Thursday sees the release of the HSBC manufacturing PMI figure, where markets will focus upon the ability of the Chinese manufacturing sector to convincingly push out of the slowdown that has been evident in H1 2014. Recent months have been stronger than many expected, yet the pullback towards the 50 mark (which separates expansion from contraction) is certainly worrying for China. Thus this month will be crucial. Should we see this number fall back below 50, it could mean further downside for Chinese manufacturing to come and thus a potential next round of stimulus from the PBOC. Otherwise, a strong reading would accompany solid export numbers seen recently and bring alot more confidence in the recovery.

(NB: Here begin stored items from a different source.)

(* Generalized to an affine function of the return, so that the reward of the
   current step can be absorbed into the constant [c]. *)
Lemma ext_true_disc_return N (c b : R) h : h != [::] -> (0 <= c)%R -> (0 <= b)%R ->
  ext muS muZ muA p pi (zd_true e) N
    (fun h' => (c + b * ((1 - gamma) * disc_return (size h).-1 N h'))%:E) h
  = c%:E + b%:E * value_iter N (head point h).1.1 (head point h).2.
Proof.
elim: N c b h => [|N IH] c b h hn c0 b0.
  by rewrite /= /disc_return big_ord1 expr0 mul1r addn0 /st /at_ traj_head.
case hh: (head point h) => [[s z] a].
have hsa : traj h (size h).-1 = (s, z, a) by rewrite traj_head// hh.
cbn [ext]; rewrite hh.
set c' := (c + b * ((1 - gamma) * r s a))%R; set b' := (b * gamma)%R.
transitivity (step_int muS muZ muA p pi (zd_true e)
  (fun x => c'%:E + b'%:E * value_iter N x.1.1 x.2) (s, z, a)).
  apply: (f_equal (fun G => step_int muS muZ muA p pi (zd_true e) G (s, z, a))).
  apply/funext => x; rewrite -(IH c' b' (x :: h)) ?addr_ge0 ?mulr_ge0//.
  apply: ext_eq => l _; congr EFin.
  rewrite (disc_returnS _ (s := s) (z := z) (a := a)) /=; last first.
    by rewrite -cat_rcons traj_cat// prednK ?lt0n ?size_eq0// leqnn.
  rewrite prednK ?lt0n ?size_eq0//; rewrite /c' /b'; ring.
change (Enext (fun s' a' => c'%:E + b'%:E * value_iter N s' a') s a =
  c%:E + b%:E * value_iter N.+1 s a).
rewrite Enext_affine ?addr_ge0 ?mulr_ge0//; last exact: value_iter_ge0.
- by rewrite value_iterS [in RHS]muleDr// [in RHS]addeA muleA -!EFinM -EFinD.
- exact: measurable_value_iter.
Qed.

Local Notation Q := (Qfun muS muZ muA p e pi r gamma).

Lemma Qtrunc_value_iter N s a : Qtrunc muS muZ muA p e pi r gamma N s a = value_iter N s a.
Proof.
have := @ext_true_disc_return N 0 1 [:: (s, point, a)] isT (lexx 0%R) ler01.
by rewrite add0e mul1e => <-; rewrite /Qtrunc; congr ext; apply/funext => h; rewrite add0r mul1r.
Qed.

Lemma Q_limn s a : Q s a = limn (fun N => value_iter N s a).
Proof. by rewrite /Qfun; congr (lim (_ @ \oo)); apply/funext => N; exact: Qtrunc_value_iter. Qed.

Lemma value_iter_le_Q N s a : value_iter N s a <= Q s a.
Proof.
rewrite Q_limn (cvg_lim _ (ereal_nondecreasing_cvgn (value_iter_nd s a)))//.
by apply: ereal_sup_ubound; exists N.
Qed.

Lemma Q_ge0 s a : 0 <= Q s a.
Proof. exact: le_trans (value_iter_ge0 0 s a) (value_iter_le_Q 0 s a). Qed.

Lemma measurable_Q : jointly_measurable Q.
Proof.
apply: (emeasurable_fun_cvg (fun N (x : S * A) => value_iter N x.1 x.2)).
  by move=> N; exact: measurable_value_iter.
move=> x _; rewrite Q_limn.
exact/ereal_nondecreasing_is_cvgn/value_iter_nd.
Qed.

Lemma Q_bellman_le s a : ((1 - gamma) * r s a)%:E + gamma%:E * Enext Q s a <= Q s a.
Proof.
have Enext_nd : {homo (fun N => Enext (value_iter N) s a) : n k / (n <= k)%N >-> n <= k}.
  by move=> n k nk; apply: le_Enext => s' a'; exact: value_iter_nd.
have EnextQ : Enext Q s a = limn (fun N => Enext (value_iter N) s a).
  have -> : Q = fun s a => limn (fun N => value_iter N s a).
    by apply/funext => s'; apply/funext => a'; exact: Q_limn.
  exact: (Enext_limn measurable_value_iter value_iter_ge0 value_iter_nd).
rewrite EnextQ -limeMl//; last exact: ereal_nondecreasing_is_cvgn.
have -> : ((1 - gamma) * r s a)%:E = limn (fun=> ((1 - gamma) * r s a)%:E).
  by rewrite lim_cst.
rewrite -limeD.
- apply: lime_le.
    apply: ereal_nondecreasing_is_cvgn => n k nk.
    by apply: leeD2l; apply: lee_wpmul2l; [rewrite lee_fin|exact: Enext_nd].
  by apply: nearW => N; rewrite -value_iterS; exact: value_iter_le_Q.
- exact: is_cvg_cst.
- apply: ereal_nondecreasing_is_cvgn => n k nk.
  by apply: lee_wpmul2l; [rewrite lee_fin|exact: Enext_nd].
- by rewrite lim_cst// fin_num_adde_defr.
Qed.

Variables (m : Z -> A -> Z -> R)
  (mm : measurable_fun setT (fun x : Z * A * Z => m x.1.1 x.1.2 x.2))
  (m_ge0 : forall z a z', (0 <= m z a z')%R)
  (m_1 : forall z a, \int[muZ]_z' (m z a z')%:E = 1).

Let measurable_m z a : measurable_fun setT (m z a).
Proof. exact: (measurable_fun_pair2 (f := fun x : Z * A * Z => m x.1.1 x.1.2 x.2) (z, a)). Qed.

Local Notation model_step := (step_int muS muZ muA p pi (zd_model m)).

Lemma model_step_cst (k : \bar R) x : model_step (fun=> k) x = k.
Proof.
case: x => [[s z] a].
have Epi_cst z' : \int[muA]_a' ((pi z' a')%:E * k) = k.
  exact: (integral_density_cst (measurable_pi z') (pi_ge0 z') (pi_1 z') k).
have Em_cst : \int[muZ]_z' ((m z a z')%:E * \int[muA]_a' ((pi z' a')%:E * k)) = k.
  under eq_integral => z' _ do rewrite Epi_cst.
  exact: (integral_density_cst (measurable_m z a) (m_ge0 z a) (m_1 z a) k).
rewrite /step_int /=; under eq_integral => s' _ do rewrite Em_cst.
exact: (integral_density_cst (measurable_p s a) (p_ge0 s a) (p_1 s a) k).
Qed.

(* Where m vanishes the model integrand has weight 0, so F needs no bound there. *)
Lemma model_step_le_Enext (C : R) (Y : S -> A -> \bar R) s z a F :
  jointly_measurable Y -> (forall s a, 0 <= Y s a) ->
  (forall s' z' a', (0 < m z a z')%R ->
     F (s', z', a') <= C%:E + (e s' z' / m z a z')%:E * Y s' a') ->
  model_step F (s, z, a) <= C%:E + Enext Y s a.
Proof.
move=> mY Y_ge0 FY.
apply: le_trans _ (integral_density_cstD_le (measurable_p s a) (p_ge0 s a) (p_1 s a) C
  (measurable_Ee mY Y_ge0) (Ee_ge0 Y_ge0)).
apply: le_integral_density => // s'.
have mG : measurable_fun setT (fun z' => (e s' z')%:E * Epi Y s' z').
  apply: emeasurable_funM; first exact/measurable_EFinP.
  exact: (measurable_fun_pair2 (f := fun y : S * Z => Epi Y y.1 y.2)) s' (measurable_Epi mY Y_ge0).
have G_ge0 z' : 0 <= (e s' z')%:E * Epi Y s' z' by rewrite mule_ge0 ?lee_fin ?Epi_ge0.
apply: le_trans _ (integral_cst_densityD_le (measurable_m z a) (m_ge0 z a) (m_1 z a) C mG G_ge0).
apply: le_integral_pointwise => z'; rewrite /zd_model.
have [m0|m_gt0] := eqVneq (m z a z') 0%R.
  by rewrite m0 !mul0e add0e mule_ge0 ?lee_fin ?Epi_ge0.
have {m_gt0}m_gt0 : (0 < m z a z')%R by rewrite lt_def m_gt0 m_ge0.
have em_ge0 : (0 <= e s' z' / m z a z')%R := divr_ge0 (e_ge0 s' z') (ltW m_gt0).
have EpiF : \int[muA]_a' ((pi z' a')%:E * F (s', z', a')) <=
    C%:E + (e s' z' / m z a z')%:E * Epi Y s' z'.
  apply: (@le_trans _ _ (\int[muA]_a' ((pi z' a')%:E *
      (C%:E + (e s' z' / m z a z')%:E * Y s' a')))).
    by apply: le_integral_density => // a'; exact: FY.
  have mYs' : measurable_fun setT (Y s').
    exact: (measurable_fun_pair2 (f := fun x : S * A => Y x.1 x.2)) s' mY.
  apply: le_trans (integral_density_cstD_le (measurable_pi z') (pi_ge0 z') (pi_1 z') _
    (measurable_funeM _ mYs') _) _.
    by move=> a'; rewrite mule_ge0 ?lee_fin.
  rewrite leeD2l//; under eq_integral do rewrite muleCA.
  rewrite ge0_integralZl ?lee_fin//; first by apply: emeasurable_funM => //; exact/measurable_EFinP.
  by move=> a' _; rewrite mule_ge0 ?lee_fin.
apply: le_trans (lee_wpmul2l _ EpiF) _; first by rewrite lee_fin.
by rewrite muleDr// muleA -[X in X * Epi _ _ _]EFinM mulrCA mulfV ?gt_eqF// mulr1.
Qed.

Lemma model_step_elbo_le_fin (c G q : R) s z a F :
  (0 < G)%R -> (0 < r s a)%R -> Q s a = q%:E ->
  (forall s' z' a', F (s', z', a') =
    c%:E + G%:E * ((1 - gamma)%:E * elogR (r s a) + elogR (e s' z') - elogR (m z a z'))
    + (G * gamma)%:E * elog (Q s' a')) ->
  model_step F (s, z, a) <= (c + G * ln q)%:E.
Proof.
move=> G_gt0 r_gt0 Qq hF.
have G_ge0 := ltW G_gt0.
have q_gt0 : (0 < q)%R.
  rewrite -lte_fin -Qq; apply: lt_le_trans (value_iter_le_Q 0 s a).
  by rewrite lte_fin mulr_gt0 ?subr_gt0.
pose C := (c + G * (ln q - 1 + (1 - gamma) * (r s a / q - 1)))%R.
pose a0 := (G * (1 - gamma))%R; pose b0 := (G * gamma / q)%R.
have a0_ge0 : (0 <= a0)%R by rewrite mulr_ge0.
have b0_ge0 : (0 <= b0)%R := divr_ge0 (mulr_ge0 G_ge0 gamma_ge0) (ltW q_gt0).
pose Y s' a' := a0%:E + b0%:E * Q s' a'.
have mY : jointly_measurable Y.
  by apply: emeasurable_funD => //; apply: measurable_funeM; exact: measurable_Q.
have Y_ge0 s' a' : 0 <= Y s' a' by rewrite adde_ge0 ?mule_ge0 ?lee_fin ?Q_ge0.
apply: (@le_trans _ _ (C%:E + Enext Y s a)).
  apply: model_step_le_Enext => // s' z' a' m_gt0; rewrite hF.
  exact: elbo_integrand_le G_gt0 gamma_ge0 gamma_lt1 r_gt0 q_gt0 (e_ge0 s' z') m_gt0 (Q_ge0 s' a').
rewrite (Enext_affine measurable_Q Q_ge0)//.
have -> : b0%:E * Enext Q s a = (G / q)%:E * (gamma%:E * Enext Q s a).
  by rewrite muleA -EFinM /b0 mulrAC.
have bellman : (G / q)%:E * (gamma%:E * Enext Q s a) <= (G / q)%:E * (q - (1 - gamma) * r s a)%:E.
  apply: lee_wpmul2l; first by rewrite lee_fin (divr_ge0 G_ge0 (ltW q_gt0)).
  by rewrite EFinB leeBrDl// -Qq; exact: Q_bellman_le.
apply: le_trans (leeD2l _ (leeD2l _ bellman)) _.
rewrite -EFinM -!EFinD lee_fin.
suff -> : (C + (a0 + G / q * (q - (1 - gamma) * r s a)) = c + G * ln q)%R by [].
by rewrite /C /a0; field; rewrite gt_eqF.
Qed.

Lemma model_step_elbo_le (c : \bar R) (G : R) s z a F : (0 <= G)%R ->
  (forall s' z' a', F (s', z', a') =
    c + G%:E * ((1 - gamma)%:E * elogR (r s a) + elogR (e s' z') - elogR (m z a z'))
    + (G * gamma)%:E * elog (Q s' a')) ->
  model_step F (s, z, a) <= c + G%:E * elog (Q s a).
Proof.
move=> G_ge0 hF.
have F_Ny : (forall y, F y = -oo) -> model_step F (s, z, a) <= c + G%:E * elog (Q s a).
  by move=> FNy; rewrite (_ : F = fun=> -oo) ?model_step_cst ?leNye//; exact/funext.
have [G0|G_neq0] := eqVneq G 0%R.
  rewrite (_ : F = fun=> c) ?model_step_cst ?G0 ?mul0e ?adde0//.
  by apply/funext => -[[s' z'] a']; rewrite hF G0 mul0r !mul0e !adde0.
have {G_neq0}G_gt0 : (0 < G)%R by rewrite lt_def G_neq0.
have [r0|r_neq0] := eqVneq (r s a) 0%R.
  apply: F_Ny => -[[s' z'] a']; rewrite hF r0 elogR0 gt0_muleNy ?lte_fin ?subr_gt0//.
  by rewrite !addNye gt0_muleNy ?lte_fin// addeNy addNye.
have {r_neq0}r_gt0 : (0 < r s a)%R by rewrite lt_def r_neq0 r_ge0.
have Q_gt0 : 0 < Q s a.
  apply: lt_le_trans (value_iter_le_Q 0 s a).
  by rewrite lte_fin mulr_gt0 ?subr_gt0.
case: c hF F_Ny => [c| |] hF F_Ny.
- case HQ: (Q s a) Q_gt0 => [q| |] // q_gt0.
    rewrite /= elogR_gt0 -?lte_fin// -EFinM -EFinD.
    exact: model_step_elbo_le_fin G_gt0 r_gt0 HQ hF.
  by rewrite /= gt0_muley ?lte_fin// addey ?leey.
- rewrite addye ?leey//.
  by case: (Q s a) Q_gt0 => [q| |] //= q_gt0; rewrite ?elogR_gt0 -?lte_fin// gt0_muley ?lte_fin.
- by apply: F_Ny => -[[s' z'] a']; rewrite hF.
Qed.

Local Notation L k := (Lintegrand muS muZ muA p e m pi r gamma k).

Lemma ext1_Lintegrand_le K h : size h = K.+1 ->
  ext muS muZ muA p pi (zd_model m) 1 (L K.+1) h <= L K h.
Proof.
move=> hK; have h_neq0 : h != [::] by rewrite -size_eq0 hK.
case hh: (head point h) => [[s z] a].
have hKsza : traj h K = (s, z, a) by rewrite -hh -traj_head// hK.
cbn [ext]; rewrite hh [L K h]/Lintegrand /st /at_ hKsza.
apply: model_step_elbo_le; first exact: exprn_ge0.
move=> s' z' a'.
have tK : traj ((s', z', a') :: h) K = (s, z, a) by rewrite traj_cons ?hK.
have tK1 : traj ((s', z', a') :: h) K.+1 = (s', z', a') by rewrite -hK traj_last.
rewrite /Lintegrand big_ord_recr exprSr.
congr (_ + _); first apply: f_equal2.
- apply: eq_bigr => t _.
  have t_lt : (t < size h)%N by rewrite hK ltnS; exact: ltnW.
  have t1_lt : (t.+1 < size h)%N by rewrite hK ltnS.
  by rewrite /st /zt /at_ !traj_cons.
- by rewrite /st /zt /at_ tK tK1.
- by rewrite /st /at_ tK1.
Qed.

End mdp.

Theorem mainTheorem3
  (d1 d2 d3 : measure_display) (S : measurableType d1)
  (A : measurableType d2) (Z : measurableType d3) (R : realType)
  (muS : {sigma_finite_measure set S -> \bar R})
  (muZ : {sigma_finite_measure set Z -> \bar R})
  (muA : {sigma_finite_measure set A -> \bar R})
  (p0 : S -> R) (p : S -> A -> S -> R) (e : S -> Z -> R)
  (m : Z -> A -> Z -> R) (pi : Z -> A -> R) (r : S -> A -> R) (gamma : R)
  (* discount *)
  (hg0 : 0 <= gamma) (hg1 : gamma < 1)
  (* nonnegative reward *)
  (hr : forall s a, 0 <= r s a)
  (* measurability *)
  (mp0 : measurable_fun setT p0)
  (mp : measurable_fun setT (fun x : S * A * S => p x.1.1 x.1.2 x.2))
  (me : measurable_fun setT (fun x : S * Z => e x.1 x.2))
  (mm : measurable_fun setT (fun x : Z * A * Z => m x.1.1 x.1.2 x.2))
  (mpi : measurable_fun setT (fun x : Z * A => pi x.1 x.2))
  (mr : measurable_fun setT (fun x : S * A => r x.1 x.2))
  (* (conditional) probability densities *)
  (p0_ge0 : forall s, 0 <= p0 s)
  (p_ge0 : forall s a s', 0 <= p s a s')
  (e_ge0 : forall s z, 0 <= e s z)
  (m_ge0 : forall z a z', 0 <= m z a z')
  (pi_ge0 : forall z a, 0 <= pi z a)
  (p0_1 : (\int[muS]_s (p0 s)%:E = 1)%E)
  (p_1 : forall s a, (\int[muS]_s' (p s a s')%:E = 1)%E)
  (e_1 : forall s, (\int[muZ]_z (e s z)%:E = 1)%E)
  (m_1 : forall z a, (\int[muZ]_z' (m z a z')%:E = 1)%E)
  (pi_1 : forall z, (\int[muA]_a (pi z a)%:E = 1)%E)
  (K : nat)
  (* the expectations L^K and L^{K+1} are well defined *)
  (intK : Lintegrable muS muZ muA p0 p e m pi r gamma K)
  (intK1 : Lintegrable muS muZ muA p0 p e m pi r gamma K.+1) :
  (Lobj muS muZ muA p0 p e m pi r gamma K.+1
     <= Lobj muS muZ muA p0 p e m pi r gamma K)%E.
Proof.
rewrite /Lobj /Eq; apply: (le_integral_density _ p0_ge0) => s0.
apply: (le_integral_density _ (e_ge0 s0)) => z0.
apply: (le_integral_density _ (pi_ge0 z0)) => a0.
rewrite ext_split; apply: (le_ext _ _ _ p_ge0 pi_ge0 (fun _ z a _ z' => m_ge0 z a z')) => l sl.
by apply: ext1_Lintegrand_le; rewrite ?size_cat ?sl ?addn1.
Qed.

The main event in Australia is likely to be the release of the monetary policy minutes, due on Tuesday. The focus of the RBA recently has been one of stability, where the economy is too weak in its recovery for any sort of rate rise and the housing sector is too buoyant to reduce rates any more. As such, minutes are always the ideal opportunity to see whether the RBA are going to be leaning more towards a dovish or hawkish outlook.